Kai Thomas est né et a grandi à Ottawa dans une famille originaire de Trinité-et-Tobago et de Grande-Bretagne. Les Voix fugitives est son premier roman. La version originale en anglais lui a valu des éloges du New York Times et du Globe and Mail. Elle s’est classée parmi les finalistes des Prix littéraires du Gouverneur général en 2023.

Une lacune à combler

Le romancier a lu de nombreux récits sur les relations entre Noirs et Blancs, entre Autochtones et Blancs, entre d’autres personnes de couleurs et Blancs, mais ne peut citer d’ouvrages explorant en profondeur les relations entre Noirs et Autochtones. Les Voix fugitives vise à combler cette lacune.

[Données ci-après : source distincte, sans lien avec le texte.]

Lemma exists_odd_between k : (3 <= k)%N -> exists2 r, odd r & (r.+2 <= k <= r.+3)%N.
Proof.
move=> le3k; case odd_k: (odd k).
  by exists (k - 2)%N; [rewrite oddB ?odd_k //; lia | apply/andP; split; lia].
by exists (k - 3)%N; [rewrite oddB ?odd_k //; lia | apply/andP; split; lia].
Qed.

Section SingleHit.
Variables (n k : nat) (I : finType) (H : I -> {ffun 'I_n -> 'I_n}).
Hypotheses (Hk : kwise_indep k H) (lekn : (k <= n)%N).
Variables (V T : {set 'I_n}).

Let p : rat := #|V|%:R / n%:R.

Lemma expH_bin_moment x (T' : {set 'I_n}) i : x \notin T' -> (i < k)%N ->
  expH H (fun h => ((x \in h @^-1: V) * 'C(#|h @^-1: V :&: T'|, i))%:R)
    = 'C(#|T'|, i)%:R * p ^+ i.+1.
Proof.
move=> T'x ltik; rewrite -cards_draws.
rewrite (eq_expH H (g := fun h => \sum_(U in [set U : {set 'I_n} | U \subset T' & #|U| == i])
  (x |: U \subset h @^-1: V)%:R)) => [|h]; last by rewrite mem_mul_bin_cardsI natr_sum.
rewrite expH_sum (eq_bigr (fun=> p ^+ i.+1)) ?sumr_const ?mulr_natl // => U.
rewrite inE => /andP[sUT' /eqP cardU].
have Ux : x \notin U := contra (subsetP sUT' x) T'x.
rewrite -(prH_expH H (fun h => x |: U \subset h @^-1: V)) (prH_kwise_subset Hk).
  by rewrite cardsU1 Ux cardU.
by rewrite cardsU1 Ux cardU ltik.
Qed.

Lemma expH_bonferroni x (T' : {set 'I_n}) r : x \notin T' -> (r < k)%N ->
  expH H (fun h => (x \in h @^-1: V)%:R *
                   \sum_(i < r.+1) (-1) ^+ i * 'C(#|h @^-1: V :&: T'|, i)%:R)
    = \sum_(i < r.+1) (-1) ^+ i * 'C(#|T'|, i)%:R * p ^+ i.+1.
Proof.
move=> T'x ltrk; rewrite (eq_expH H (g := fun h => \sum_(i < r.+1) (-1) ^+ i *
  ((x \in h @^-1: V) * 'C(#|h @^-1: V :&: T'|, i))%:R)) => [|h]; last first.
  by rewrite mulr_sumr; apply: eq_bigr => i _; rewrite natrM mulrCA.
rewrite expH_sum; apply: eq_bigr => i _.
by rewrite expHZ expH_bin_moment ?mulrA // (leq_ltn_trans _ ltrk) // -ltnS.
Qed.

Let G r := \sum_(i < r.+1) (-1) ^+ i * 'C(#|T|.-1, i)%:R * p ^+ i.+1.

Lemma prH_single_hitE x : x \in T ->
  prH H (fun h => h @^-1: V :&: T == [set x])
    = expH H (fun h => (x \in h @^-1: V)%:R * (#|h @^-1: V :&: (T :\ x)| == 0%N)%:R).
Proof.
move=> Tx; rewrite prH_expH; apply: eq_expH => h.
by rewrite setI_eq_set1 // cards_eq0 -natrM mulnb.
Qed.

Lemma prH_single_hit_ge x r : x \in T -> odd r -> (r < k)%N ->
  G r <= prH H (fun h => h @^-1: V :&: T == [set x]).
Proof.
move=> Tx odd_r ltrk; have T'x : x \notin T :\ x by rewrite !inE eqxx.
have cardT' : #|T :\ x| = #|T|.-1 by rewrite (cardsD1 x T) Tx.
rewrite prH_single_hitE // /G -cardT' -(expH_bonferroni T'x ltrk).
by apply: ler_expH => h; apply: ler_wpM2l; [exact: ler0n | exact: alt_bin_partial_sum_odd].
Qed.

Lemma prH_single_hit_le x r : x \in T -> ~~ odd r -> (r < k)%N ->
  prH H (fun h => h @^-1: V :&: T == [set x]) <= G r.
Proof.
move=> Tx even_r ltrk; have T'x : x \notin T :\ x by rewrite !inE eqxx.
have cardT' : #|T :\ x| = #|T|.-1 by rewrite (cardsD1 x T) Tx.
rewrite prH_single_hitE // /G -cardT' -(expH_bonferroni T'x ltrk).
by apply: ler_expH => h; apply: ler_wpM2l; [exact: ler0n | exact: alt_bin_partial_sum_even].
Qed.

Lemma prH_one_hit : prH H (fun h => #|h @^-1: V :&: T| == 1%N)
  = \sum_(x in T) prH H (fun h => h @^-1: V :&: T == [set x]).
Proof.
under [RHS]eq_bigr do rewrite prH_expH.
rewrite prH_expH -expH_sum; apply: eq_expH => h.
by rewrite (cards_eq1_sum (subsetIr _ T)) natr_sum.
Qed.

Lemma condprH_single_hit_ge x1 : x1 \in T -> (2 * #|T| * #|V| <= n)%N ->
  (0 < #|V|)%N -> (#|T| * n <= 2 ^ k)%N -> (3 <= k)%N ->
  1 / (#|T|%:R + 8 / n%:R) <= condprH H (fun h => h @^-1: V :&: T == [set x1])
                                       (fun h => #|h @^-1: V :&: T| == 1%N).
Proof.
move=> Tx1 small_V V_gt0 tn_le le3k.
have t_gt0 : (0 < #|T|)%N by apply/card_gt0P; exists x1.
have n_gt0 : (0 < n)%N by nia.
have p_gt0 : 0 < p by rewrite divr_gt0 ?ltr0n.
have tp_le : (#|T|.-1)%:R * p <= 1 / 2.
  have : ((2 * (#|T|.-1 * #|V|))%:R : rat) <= n%:R by rewrite ler_nat; nia.
  rewrite /p mulrA ler_pdivrMr ?ltr0n // !natrM; lra.
have [r odd_r /andP[ltrk lekr]] := exists_odd_between le3k.
have G_succ : G r.+1 = G r + 'C(#|T|.-1, r.+1)%:R * p ^+ r.+2.
  by rewrite /G big_ord_recr /= -signr_odd /= odd_r expr0 mul1r.
have G1_ge : p / 2 <= G 1.
  rewrite /G big_ord_recr big_ord1 /= expr0 expr1 bin0 bin1; nra.
have tail_le := bin_tail_mul_le n_gt0 (ltW p_gt0) tp_le
  (leq_trans tn_le (leq_pexp2l (m := 2) isT lekr)).
rewrite /condprH prH_one_hit.
rewrite (eq_prH _ (E' := fun h => h @^-1: V :&: T == [set x1])) => [|h]; last first.
  by case: eqP => // ->; rewrite cards1.
apply: (ratio_lower_bound p_gt0 (ler0n _ _) _ _ _ _ tail_le).
- by rewrite divr_ge0 ?ler0n.
- exact: le_trans G1_ge (prH_single_hit_ge (r := 1) Tx1 isT (leq_trans _ le3k)).
- exact: prH_single_hit_ge Tx1 odd_r (ltnW ltrk).
- rewrite -G_succ mulr_natl -sumr_const.
  by apply: ler_sum => x Tx; apply: prH_single_hit_le; rewrite //= odd_r.
- by rewrite (bigD1 x1) //= lerDl sumr_ge0 // => x _; apply: prH_ge0.
Qed.

End SingleHit.

Lemma cst_div_nat_eventually_le (R : archiRealFieldType) (c e : R) : 0 < e ->
  exists N, forall m, (N <= m)%N -> `|c / m%:R| <= e.
Proof.
move=> e_gt0; exists (Num.Def.archi_bound (`|c| / e)) => m le_bm.
have bound_gt : `|c| / e < m%:R.
  apply: lt_le_trans (archi_boundP _) _; last by rewrite ler_nat.
  by rewrite divr_ge0 // ltW.
have m_gt0 : 0 < m%:R :> R by apply: le_lt_trans bound_gt; rewrite divr_ge0 // ltW.
by rewrite normrM normfV normr_nat ler_pdivrMr // -ler_pdivrMl // mulrC ltW.
Qed.

Definition dyadic_block (n j : nat) : {set 'I_n} :=
  [set v : 'I_n | (2 ^ j < 2 * v.+1)%N && (v.+1 <= 2 ^ j)%N].

Lemma Sj_preimset n j h : Sj j h = h @^-1: dyadic_block n j.
Proof. by apply/setP => y; rewrite !inE. Qed.

Lemma card_dyadic_block_gt0 n j : (2 ^ j <= n)%N -> (0 < #|dyadic_block n j|)%N.
Proof.
move=> le_n; have lt_n : ((2 ^ j).-1 < n)%N by rewrite prednK ?expn_gt0.
apply/card_gt0P; exists (Ordinal lt_n); rewrite inE /= prednK ?expn_gt0 // leqnn andbT.
by rewrite -[X in (X < _)%N]mul1n ltn_mul2r expn_gt0.
Qed.

Lemma card_dyadic_block_le n j : (#|dyadic_block n j| <= 2 ^ j)%N.
Proof.
rewrite cardE -(size_map val) -[X in (_ <= X)%N](size_iota 0); apply: uniq_leq_size.
  by rewrite (map_inj_uniq val_inj) enum_uniq.
by move=> i /mapP[v]; rewrite mem_enum inE => /andP[_ le_v] ->; rewrite mem_iota.
Qed.

Theorem mainTheorem9 :
  exists eps : nat -> rat,
    (forall e : rat, 0 < e -> exists N : nat, forall m : nat,
        (N <= m)%N -> `|eps m| <= e) /\
    forall (n k : nat) (I : finType) (H : I -> {ffun 'I_n -> 'I_n})
           (t : nat) (T : {set 'I_n}) (x1 : 'I_n),
      (n ^ 2 <= 2 ^ k)%N ->          (* k >= 2 log n *)
      (k <= n)%N ->
      kwise_indep k H ->
      (2 * t < n)%N ->               (* t < n/2 *)
      #|T| = t -> x1 \in T ->
      let j := trunc_log 2 (n %/ (2 * t)) in   (* j = floor(log(n/2t)) *)
      1 / (t%:R + eps n) <=
        condprH H (fun h => Sj j h :&: T == [set x1])
                  (fun h => #|Sj j h :&: T| == 1%N).
Proof.
exists (fun m => 8 / m%:R); split=> [e | n k I H t T x1 nk kn Hk tn cardT Tx1].
  exact: cst_div_nat_eventually_le.
rewrite /=; set j := trunc_log 2 _.
have t_gt0 : (0 < t)%N by rewrite -cardT; apply/card_gt0P; exists x1.
have le3k : (3 <= k)%N.
  have : (3 ^ 2 <= 2 ^ k)%N by apply: leq_trans nk; rewrite leq_exp2r //; lia.
  by case: k {Hk kn nk} => [|[|[|k]]].
have dyadic_le : (2 * t * 2 ^ j <= n)%N.
  by rewrite mulnC -leq_divRL ?trunc_logP ?divn_gt0 //; lia.
rewrite (eq_condprH _ (A' := fun h => h @^-1: dyadic_block n j :&: T == [set x1])
                    (B' := fun h => #|h @^-1: dyadic_block n j :&: T| == 1%N)) => [|h|h];
  try by rewrite Sj_preimset.
rewrite -cardT; apply: (condprH_single_hit_ge Hk kn Tx1 _ _ _ le3k); rewrite ?cardT.
- by apply: leq_trans dyadic_le; rewrite leq_mul2l card_dyadic_block_le orbT.
- by apply: card_dyadic_block_gt0; apply: leq_trans dyadic_le; rewrite leq_pmull ?muln_gt0.
- by apply: leq_trans nk; rewrite expnS expn1 leq_mul2r; lia.
Qed.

D’après l’expérience personnelle de l’auteur, il y a de nombreux exemples de liens et d’alliances politiques entre les communautés noires et autochtones. D’où l’importance d’intégrer de manière significative cette réalité historique dans son roman.

L’histoire se déroule en 1859 à Dunmore, dans le Sud-Ouest de l’Ontario, près du lac Érié. Ce village fictif a été fondé par des réfugiés noirs qui ont fui les États-Unis par le chemin de fer clandestin (Underground Railroad).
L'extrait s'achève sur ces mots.